OK, let's zoom out a bit and get a broader picture of things:
$ rebar rank tmp/results.csv
Engine Version Geometric mean of speed ratios Benchmark count
------ ------- ------------------------------ ---------------
perl 5.38.1 1.38 6
python/regex 2023.10.3 8.89 6
dotnet/compiled 8.0.0 11.54 6
dotnet 8.0.0 35.16 6
dotnet/nobacktrack 8.0.0 52.70 6
hyperscan 5.4.2 2023-04-22 56.88 5
pcre2/jit 10.42 2022-12-11 61.32 6
rust/regex 1.10.0 93.04 6
regress 0.7.1 145.23 6
javascript/v8 21.4.0 219.38 6
java/hotspot 21.0.1+12-LTS-29 258.92 6
python/re 3.11.6 266.10 6
icu 72.1.0 385.06 6
re2 2023-11-01 409.14 6
d/ldc/std-regex 2.105 438.12 6
pcre2 10.42 2022-12-11 459.20 6
rust/regexold 1.7.3 465.28 6
d/dmd/std-regex 2.106 536.71 6
go/regexp 1.21.5 676.16 6
I was not expecting that! perl
is usually quite slow compared to other engines, but it is doing amazingly well here.
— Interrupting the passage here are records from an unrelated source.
(* For every integer $w\ge 2$ and every $y\in[(1-2^{-w})^{1/2},1)$, \[g(y,w)\le K_w\, g\big((1-2^{-w})^{1/2},w\big)=0.15\,K_w\,\alpha^{-l_w}\,w\,(2c)^{-w}\left(1-2^{-w}\right)^{-1},\] where $K_2=1.11614$, $K_3=1.03$, $K_4=1.01$ and $K_w=1$ for all $w\ge 5$. In particular $K_{w+1}\le K_w$ for all $w\ge 2$.
   Context: Constants: $c=0.7$, $\alpha=1-10^{-4}$, $\psi=13/10$, $\chi=1/2$, and for a positive integer $w$, $l_w=\lceil\log_6(w+1)\rceil$. The function $g$ is \[g(y,w)=c^{-w}\alpha^{-l_w}\,w\,\frac{1-y^2}{y^2}\left(1-(1-y^2)^{1/w}\right)\left(\psi-\left(\frac{(1-y^2)^{1/w}}{1-(1-y^2)^{1/w}}\right)^{\chi}\right).\] *)

From Stdlib Require Import Reals.
From mathcomp Require prime.
Open Scope R_scope.

Definition c : R := 7/10.
Definition alpha : R := 1 - / 10 ^ 4.
Definition psi : R := 13/10.
Definition chi : R := 1/2.

(* l_w = ceil(log_6(w+1)) = smallest natural e with w+1 <= 6^e *)
Definition lw (w : nat) : nat := prime.up_log 6 (w + 1).

Definition tw (y : R) (w : nat) : R := Rpower (1 - y ^ 2) (1 / INR w).

Definition g (y : R) (w : nat) : R :=
  Rpower c (- INR w) * Rpower alpha (- INR (lw w)) * INR w
  * ((1 - y ^ 2) / y ^ 2) * (1 - tw y w)
  * (psi - Rpower (tw y w / (1 - tw y w)) chi).

Definition Kw (w : nat) : R :=
  match w with
  | 2%nat => 111614 / 100000
  | 3%nat => 103 / 100
  | 4%nat => 101 / 100
  | _ => 1
  end.

(** With [s = 1 - y^2], [t = s^(1/w)] and [u = sqrt (t / (1 - t))] one has
    [t = u^2 / (1 + u^2)], and [y] runs over [[sqrt (1 - 2^-w), 1)] exactly when
    [t] runs over [(0, 1/2]], i.e. [u] over [(0, 1]], the endpoint [u = 1]
    giving [y = sqrt (1 - 2^-w)].  In these variables the bound on [g]
    becomes the polynomial inequality
    [(2^w - 1) t^w (1 - t) (psi - u) <= 0.15 K_w (1 - t^w)] on [(0, 1]].
    For [w = 2, 3, 4] it is certified by nonnegative Bernstein expansions on
    subintervals of [[0, 1]].  For [w >= 5] it reduces to [w = 5]: since
    [(1 - t) (psi - u) >= 0.15] it suffices that [(2t)^w (1 - t) (psi - u) <= 0.15],
    and [(2t)^w] decreases in [w] because [2t <= 1]. *)

From Stdlib Require Import Reals Lra Lia List.
Import ListNotations.
Open Scope R_scope.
So is python/regex
(which is also usually pretty slow). Let's drill down a bit:
$ rebar cmp tmp/results.csv -e '^rust/regex$' -e '^dotnet/compiled$' -e perl -e python/regex -e hyperscan -e pcre2/jit
benchmark dotnet/compiled hyperscan pcre2/jit perl python/regex rust/regex
--------- --------------- --------- --------- ---- ------------ ----------
reported/i13-subset-regex/original-ascii 17.1 GB/s (1.00x) 594.9 MB/s (29.35x) 209.4 MB/s (83.38x) 9.9 GB/s (1.73x) 2.2 GB/s (7.79x) 5.8 GB/s (2.96x)
reported/i13-subset-regex/original-unicode 18.5 GB/s (1.00x) 36.3 MB/s (522.01x) 179.3 MB/s (105.76x) 4.7 GB/s (3.92x) 2.1 GB/s (8.66x) 331.4 MB/s (57.20x)
reported/i13-subset-regex/big-ascii 183.4 MB/s (70.56x) 594.9 MB/s (21.75x) 183.8 MB/s (70.42x) 12.6 GB/s (1.00x) 1462.8 MB/s (8.85x) 91.1 MB/s (142.12x)
reported/i13-subset-regex/big-unicode 184.6 MB/s (26.60x) 106.9 MB/s (45.92x) 139.7 MB/s (35.15x) 4.8 GB/s (1.00x) 1447.6 MB/s (3.39x) 34.9 MB/s (140.55x)
reported/i13-subset-regex/huge-ascii 192.3 MB/s (92.10x) 455.5 MB/s (38.89x) 155.0 MB/s (114.27x) 17.3 GB/s (1.00x) 436.1 MB/s (40.62x) 15.6 MB/s (1136.77x)
reported/i13-subset-regex/huge-unicode 192.9 MB/s (13.62x) - 123.4 MB/s (21.31x) 2.6 GB/s (1.00x) 437.5 MB/s (6.01x) 15.6 MB/s (168.67x)
So yeah, perl
is kicking the pants off of everyone here. My guess is that it has a specific optimization pass that is kicking in for this regex.
I had hoped that the bounded-repeat
benchmark in the curated set would be enough to cover cases like this, but I think I'm wrong there. This particular regex
exposes some very interesting behavior from the regex engines, and I think it might actually be a good candidate to move into the curated set because I don't think this is really covered by anything else in the curated set. Thank you for bringing this up.
Here are the benchmark definitions: https://github.com/BurntSushi/rebar/blob/f9a4f5c9efda069e7986a262efe8649aa78c0933/benchmarks/definitions/reported/i13-subset-regex.toml
From Microsoft's paper on their new derivative-based regex engine (
RegexOptions.NonBacktracking
):It might be worthwhile including this case in the benchmarks.